***** Dataset extract *****

Lemma adjacent_arc x y x' y' a a' : is_arc x y a -> is_arc x' y' a' ->
  adjacent (box_le G) a a' <-> a <> a' /\ (x = x' \/ y = y').
Proof.
  intros ha ha'; split.
  - intros [_ [_ [ne [c [[hxc hyc] [[hxc' hyc'] hc]]]]]]; split; [exact ne |].
    pose proof ha as [hx hy]; pose proof ha' as [hx' hy'].
    assert (e : edge G x y')
      by (apply box_edge with c; [apply hxc, hx | apply hyc', hy']; reflexivity).
    destruct (hc (arc_box x y' e)) as [E | E].
    + apply minimal_arc; eauto using arc_box_is_arc.
    + split; simpl; intros z [-> | ->];
        [apply hxc, hx | apply hxc, hx | apply hyc', hy' | apply hyc', hy']; reflexivity.
    + pose proof (arc_box_is_arc x y' e) as hb; rewrite E in hb.
      right; exact (proj2 (is_arc_ends _ _ _ _ _ ha hb)).
    + pose proof (arc_box_is_arc x y' e) as hb; rewrite E in hb.
      left; exact (proj1 (is_arc_ends _ _ _ _ _ hb ha')).
  - intros [ne hs].
    split; [apply minimal_arc; eauto | split; [apply minimal_arc; eauto | split; [exact ne |]]].
    pose proof ha as [hx hy]; pose proof ha' as [hx' hy'].
    exists (pair_box x x' y y' (is_arc_edge _ _ _ ha) (is_arc_edge _ _ _ ha') hs).
    split; [split; simpl; intros z hz; [left; apply hx | left; apply hy]; exact hz |].
    split; [split; simpl; intros z hz; [right; apply hx' | right; apply hy']; exact hz |].
    intros n mn [hxn hyn]; apply minimal_arc in mn as [p [q hn]]; pose proof hn as [hp hq].
    specialize (hxn p (proj2 (hp p) eq_refl)); specialize (hyn q (proj2 (hq q) eq_refl)).
    simpl in hxn, hyn.
    destruct hxn as [-> | ->], hyn as [-> | ->]; destruct hs as [<- | <-];
      first [left; apply (is_arc_unique _ _ _ _ hn ha) | right; apply (is_arc_unique _ _ _ _ hn ha')].
Qed.

End Arcs.

Section EdgesAt.
Variable G : graph.

(* The minimal boxes are the arcs, i.e. the edges of K2 x G ([minimal_arc]). *)
Definition edges_at (w : vtx (tensor K2 G)) (a : box G) : Prop :=
  minimal (box_le G) a /\ cover_set G a w.

Lemma edges_at_arc x y a b z :
  is_arc G x y a -> edges_at (b, z) a <-> (if b then z = x else z = y).
Proof.
  intro ha; unfold edges_at; rewrite (cover_arc G x y a b z ha), minimal_arc.
  split; [tauto | intro; split; eauto].
Qed.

*****

§ Directions
Lines holding the word "eauto" are the answer; copy each one from the records above.

§ Task solution
    + apply minimal_arc; eauto using arc_box_is_arc.
    split; [apply minimal_arc; eauto | split; [apply minimal_arc; eauto | split; [exact ne |]]].
  split; [tauto | intro; split; eauto].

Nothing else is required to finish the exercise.